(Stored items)
********

(* Let $G_H$ be a finite undirected multigraph (parallel edges allowed, no self-loops) with vertex set $V$ and edge set partitioned as $E = S \sqcup S^c$ into secure edges $S$ and insecure edges $S^c$, and let $0 < p_J^{S^c} \le p_J^{S} \le p_I$ be real costs satisfying $p_J^{S^c} \ge p_I/2$ and $p_J^{S} \ge p_I/2$. Consider the following two problems. (I-A) Find a cut $C^*$ of minimum cardinality among cuts $C$ with $n^S_C < |C|/2$; form the attack on $C^*$ that injects data into $\lfloor (1+|C^*|)/2\rfloor$ insecure edges of $C^*$, jams $(1 - (|C^*| \bmod 2))$ further insecure edges of $C^*$, and leaves all other edges untouched. (I-B) Give weight $p_J^{S}$ to secure edges and $p_I - p_J^{S}$ to insecure edges, and find a cut $C^*$ of minimum weight among cuts $C$ with $n^S_C \ge |C|/2$ and $n^{S^c}_C > 0$; form the attack on $C^*$ that injects data into all insecure edges of $C^*$ and jams $n^S_{C^*} + 1 - n^{S^c}_{C^*}$ secure edges of $C^*$. Then, among the attacks produced by those of the two problems that have a feasible solution, one of minimum cost is an optimal detectable generalized attack in $G_H$.
   Context: For a nonempty proper subset $U \subsetneq V$, the cut $\delta(U)$ is the set of edges with exactly one endpoint in $U$; a cut of $G_H$ is any set of this form. For a cut $C$, $n^S_C = |C\cap S|$ and $n^{S^c}_C = |C \cap S^c|$. The costs are: $p_J^{S^c}$ per jammed insecure edge, $p_J^S$ per jammed secure edge, $p_I$ per insecure edge with injected data. A generalized attack is a triple $(C,J,I)$ where $C$ is a cut, $J \subseteq C$ is the set of jammed edges, and $I \subseteq (C \cap S^c)\setminus J$ is a nonempty set of injected edges; its cost is $p_J^{S}|J\cap S| + p_J^{S^c}|J \cap S^c| + p_I |I|$. The attack is detectable if $2|I| > |C \setminus J|$ (the injected edges form a strict majority of the non-jammed edges of the cut). An optimal detectable generalized attack is one of minimum cost among all detectable generalized attacks. *)

From HB Require Import structures.
From mathcomp Require Import all_boot all_order all_algebra.
Set Implicit Arguments. Unset Strict Implicit. Unset Printing Implicit Defensive.
Import Order.TTheory GRing.Theory Num.Theory.

(* A finite undirected multigraph: vertices V, edges E, each edge e has the
   (unordered) pair of endpoints {src e, dst e}; parallel edges are allowed
   (distinct elements of E with the same endpoints); no self loops is a
   hypothesis of the theorem. *)

Section Attacks.
Variables (V E : finType) (src dst : E -> V) (S : {set E}).

Definition delta (U : {set V}) : {set E} :=
  [set e | (src e \in U) != (dst e \in U)].

Definition is_cut (C : {set E}) : Prop :=
  exists U : {set V}, [/\ U != set0, U != setT & C = delta U].

Definition nS (C : {set E}) : nat := #|C :&: S|.
Definition nSc (C : {set E}) : nat := #|C :&: ~: S|.

Record gattack := GAttack { acut : {set E}; ajam : {set E}; ainj : {set E} }.

Definition is_gattack (a : gattack) : Prop :=
  [/\ is_cut (acut a), ajam a \subset acut a,
      ainj a \subset (acut a :&: ~: S) :\: ajam a & ainj a != set0].

Definition detectable (a : gattack) : bool :=
  #|acut a :\: ajam a| < 2 * #|ainj a|.

Section Costs.
Variables (R : realFieldType) (pJS pJSc pI : R).

Definition cost (a : gattack) : R :=
  (pJS * #|ajam a :&: S|%:R + pJSc * #|ajam a :&: ~: S|%:R + pI * #|ainj a|%:R)%R.

Definition optimal_detectable (a : gattack) : Prop :=
  [/\ is_gattack a, detectable a &
      forall b, is_gattack b -> detectable b -> (cost a <= cost b)%R].

Definition feasA (C : {set E}) : Prop := is_cut C /\ 2 * nS C < #|C|.
Definition optA (C : {set E}) : Prop :=
  feasA C /\ forall C', feasA C' -> #|C| <= #|C'|.
Definition attackA (C : {set E}) (a : gattack) : Prop :=
  [/\ acut a = C,
      ainj a \subset C :&: ~: S, #|ainj a| = (1 + #|C|) %/ 2,
      ajam a \subset (C :&: ~: S) :\: ainj a & #|ajam a| = 1 - (#|C| %% 2)].

Definition weightB (C : {set E}) : R :=
  (pJS * (nS C)%:R + (pI - pJS) * (nSc C)%:R)%R.
Definition feasB (C : {set E}) : Prop := [/\ is_cut C, #|C| <= 2 * nS C & 0 < nSc C].
Definition optB (C : {set E}) : Prop :=
  feasB C /\ forall C', feasB C' -> (weightB C <= weightB C')%R.
Definition attackB (C : {set E}) (a : gattack) : Prop :=
  [/\ acut a = C, ainj a = C :&: ~: S,
      ajam a \subset C :&: S & #|ajam a| = nS C + 1 - nSc C].

Definition produced (a : gattack) : Prop :=
  exists C, (optA C /\ attackA C a) \/ (optB C /\ attackB C a).

End Costs.
End Attacks.

From HB Require Import structures.
From mathcomp Require Import all_boot all_order all_algebra.
From mathcomp Require Import zify ring lra.
Import Order.TTheory GRing.Theory Num.Theory.
Set Implicit Arguments. Unset Strict Implicit. Unset Printing Implicit Defensive.

(* A detectable attack (C, J, I) satisfies |C| < |J| + 2|I|, and I together
   with the insecure jams fits into the insecure edges of C.  Every jam costs
   at least p_I/2.  If C has a secure minority, the cost is therefore at least
   p_I (|C| + 1)/2, rounded up to the price of the (I-A) attack on C; that
   price grows with |C|, so the (I-A) attack on the smallest such cut is no
   dearer.  If C has a secure majority, 2 p_J^S >= p_I and p_J^S + p_J^{S^c} >= p_I
   bound the cost below by the (I-B) weight of C plus p_J^S, which is exactly
   the cost of the (I-B) attack on C, so the (I-B) attack on a minimum-weight
   cut is no dearer. *)

Lemma subset_of_card (T : finType) (A : {set T}) n :
  n <= #|A| -> exists2 B : {set T}, B \subset A & #|B| = n.
Proof.
move/card_geqP => [s [uniq_s size_s s_sub]]; exists [set x in s].
  by apply/subsetP => x; rewrite inE; exact: s_sub.
by rewrite cardsE (card_uniqP uniq_s).
Qed.

Lemma cardsIsplit (T : finType) (A B : {set T}) : #|A| = #|A :&: B| + #|A :&: ~: B|.
Proof. by rewrite -setDE cardsID. Qed.

Local Open Scope ring_scope.

Section CostArithmetic.
Variables (R : realFieldType) (pJS pJSc pI : R).

Lemma jam_inject_lower_bound (k x i : nat) :
  0 <= pI -> pI / 2%:R <= pJSc ->
  (2 * k <= x + 2 * i)%N -> pI * k%:R <= pJSc * x%:R + pI * i%:R.
Proof.
move=> pI_ge0 half_le_pJSc; rewrite -(ler_nat R) natrD !natrM => le_k.
have half_ge0 : 0 <= pI / 2%:R by lra.
have := ler_wpM2l half_ge0 le_k.
have := ler_wpM2r (ler0n R x) half_le_pJSc.
nra.
Qed.

Lemma attackA_cost_lower_bound (n x i : nat) :
  0 <= pI -> pI / 2%:R <= pJSc -> pJSc <= pI -> (n < x + 2 * i)%N ->
  pI * ((1 + n) %/ 2)%:R + pJSc * (1 - n %% 2)%:R <= pJSc * x%:R + pI * i%:R.
Proof.
move=> pI_ge0 half_le_pJSc pJSc_le_pI lt_n.
have [n_odd | n_even] : (n %% 2 = 1 \/ n %% 2 = 0)%N by lia.
  by rewrite n_odd subnn mulr0 addr0; apply: jam_inject_lower_bound => //; lia.
rewrite n_even subn0 mulr1; set k := ((1 + n) %/ 2)%N.
case: x lt_n => [|x] lt_n.
- have : (k + 1)%:R <= i%:R :> R by rewrite ler_nat; lia.
  rewrite natrD mulr0 add0r => le_ki.
  have := ler_wpM2l pI_ge0 le_ki.
  lra.
- have := @jam_inject_lower_bound k x i pI_ge0 half_le_pJSc ltac:(lia).
  rewrite -addn1 natrD; lra.
Qed.

Lemma attackB_cost_lower_bound (s t js jc i : nat) :
  0 <= pI -> pI / 2%:R <= pJSc -> pI / 2%:R <= pJS ->
  (s + t < js + jc + 2 * i)%N -> (i + jc <= t)%N ->
  pJS * s%:R + (pI - pJS) * t%:R + pJS <= pJS * js%:R + pJSc * jc%:R + pI * i%:R.
Proof.
move=> pI_ge0 half_le_pJSc half_le_pJS lt_st le_t.
have le_js : (s + t + 1)%N%:R <= (js + jc + i + i)%N%:R :> R by rewrite ler_nat; lia.
rewrite !natrD in le_js.
have {}le_t : i%:R + jc%:R <= t%:R :> R by rewrite -natrD ler_nat.
have jam_excess : 0 <= pJS * (js%:R + jc%:R + i%:R + i%:R - (s%:R + t%:R + 1)).
  by apply: mulr_ge0; lra.
have free_insecure : 0 <= (2%:R * pJS - pI) * (t%:R - i%:R - jc%:R).
  by apply: mulr_ge0; lra.
have insecure_jams : 0 <= (pJS + pJSc - pI) * jc%:R.
  by apply: mulr_ge0; [lra | exact: ler0n].
lra.
Qed.

End CostArithmetic.

Section Attacks.
Variables (V E : finType) (src dst : E -> V) (S : {set E}).
Variables (R : realFieldType) (pJS pJSc pI : R).

Definition cutb (C : {set E}) : bool :=
  [exists U : {set V}, [&& U != set0, U != setT & C == delta src dst U]].

Lemma cutP C : reflect (is_cut src dst C) (cutb C).
Proof.
apply: (iffP existsP) => [[U /and3P [U0 UT /eqP ->]] | [U [U0 UT ->]]].
  by exists U.
by exists U; rewrite U0 UT eqxx.
Qed.

Lemma optA_exists C0 : feasA src dst S C0 -> exists C, optA src dst S C.
Proof.
move=> [/cutP cut_C0 small_C0].
pose P := [pred C | cutb C & 2 * nS S C < #|C|]%N.
have P_C0 : P C0 by rewrite /= cut_C0.
have [C /andP [/cutP cut_C small_C] C_min] := arg_minnP (fun C : {set E} => #|C|) P_C0.
exists C; split=> // C' [/cutP cut_C' small_C'].
by apply: C_min; rewrite inE /= cut_C'.
Qed.

Lemma optB_exists C0 : feasB src dst S C0 -> exists C, optB src dst S pJS pI C.
Proof.
move=> [/cutP cut_C0 large_C0 ins_C0].
pose P := [pred C | [&& cutb C, #|C| <= 2 * nS S C & 0 < nSc S C]]%N.
have P_C0 : P C0 by rewrite /= cut_C0 large_C0.
have [C /and3P [/cutP cut_C large_C ins_C] C_min] := arg_minP (weightB S pJS pI) P_C0.
exists C; split=> // C' [/cutP cut_C' large_C' ins_C'].
by apply: C_min; rewrite inE /= cut_C' large_C'.
Qed.

Lemma attackA_exists C : feasA src dst S C -> exists a, attackA S C a.
Proof.
move=> [_ small_C]; have := cardsIsplit C S; rewrite /nS in small_C => split_C.
have [I sub_I card_I] :
    exists2 I : {set E}, I \subset C :&: ~: S & #|I| = ((1 + #|C|) %/ 2)%N.
  by apply: subset_of_card; lia.
have [J sub_J card_J] :
    exists2 J : {set E}, J \subset (C :&: ~: S) :\: I & #|J| = (1 - #|C| %% 2)%N.
  by apply: subset_of_card; rewrite cardsDS // card_I; lia.
by exists (GAttack C J I).
Qed.

Lemma attackB_exists C : feasB src dst S C -> exists a, attackB S C a.
Proof.
move=> [_ large_C ins_C]; have := cardsIsplit C S.
rewrite /nS /nSc in large_C ins_C * => split_C.
have [J sub_J card_J] :
    exists2 J : {set E}, J \subset C :&: S & #|J| = (#|C :&: S| + 1 - #|C :&: ~: S|)%N.
  by apply: subset_of_card; lia.
by exists (GAttack C J (C :&: ~: S)).
Qed.

Lemma attackA_detectable C a :
  feasA src dst S C -> attackA S C a -> is_gattack src dst S a /\ detectable a.
Proof.
case: a => _ J I [cut_C small_C] [/= -> sub_I card_I sub_J card_J].
have := cardsIsplit C S; rewrite /nS in small_C => split_C.
have sub_JC : J \subset C.
  by apply: (subset_trans sub_J); rewrite subDset subsetU // subsetIl orbT.
split; last by rewrite /detectable /= cardsDS // card_I card_J; lia.
split=> //=; last by rewrite -card_gt0 card_I; lia.
apply/subsetP => x x_I; rewrite inE (subsetP sub_I x x_I) andbT.
by apply/negP => /(subsetP sub_J); rewrite inE x_I.
Qed.

Lemma attackB_detectable C a :
  feasB src dst S C -> attackB S C a -> is_gattack src dst S a /\ detectable a.
Proof.
case: a => _ J _ [cut_C large_C ins_C] [/= -> -> sub_J card_J].
have := cardsIsplit C S; rewrite /nS /nSc in large_C ins_C card_J => split_C.
have sub_JC : J \subset C by apply: (subset_trans sub_J); exact: subsetIl.
split; last by rewrite /detectable /= cardsDS // card_J; lia.
split=> //=; last by rewrite -card_gt0.
apply/subsetP => x x_ins; rewrite inE x_ins andbT.
by apply/negP => /(subsetP sub_J); move: x_ins; rewrite !inE => /andP [-> /negPf ->].
Qed.

Lemma attackA_cost C a :
  attackA S C a ->
  cost S pJS pJSc pI a = pI * ((1 + #|C|) %/ 2)%N%:R + pJSc * (1 - #|C| %% 2)%N%:R.
Proof.
case: a => _ J I [/= -> sub_I card_I sub_J card_J].
have J_insecure : J \subset ~: S.
  by apply: (subset_trans sub_J); rewrite subDset subsetU // subsetIr orbT.
rewrite /cost /= (setIidPl J_insecure).
have -> : J :&: S = set0 by apply/eqP; rewrite setI_eq0 disjoints_subset.
by rewrite cards0 card_J card_I mulr0 add0r addrC.
Qed.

********

The answer must consist of every line in the records above that contains the word "cardsIsplit".

Lemma cardsIsplit (T : finType) (A B : {set T}) : #|A| = #|A :&: B| + #|A :&: ~: B|.
move=> [_ small_C]; have := cardsIsplit C S; rewrite /nS in small_C => split_C.
move=> [_ large_C ins_C]; have := cardsIsplit C S.
have := cardsIsplit C S; rewrite /nS in small_C => split_C.
have := cardsIsplit C S; rewrite /nS /nSc in large_C ins_C card_J => split_C.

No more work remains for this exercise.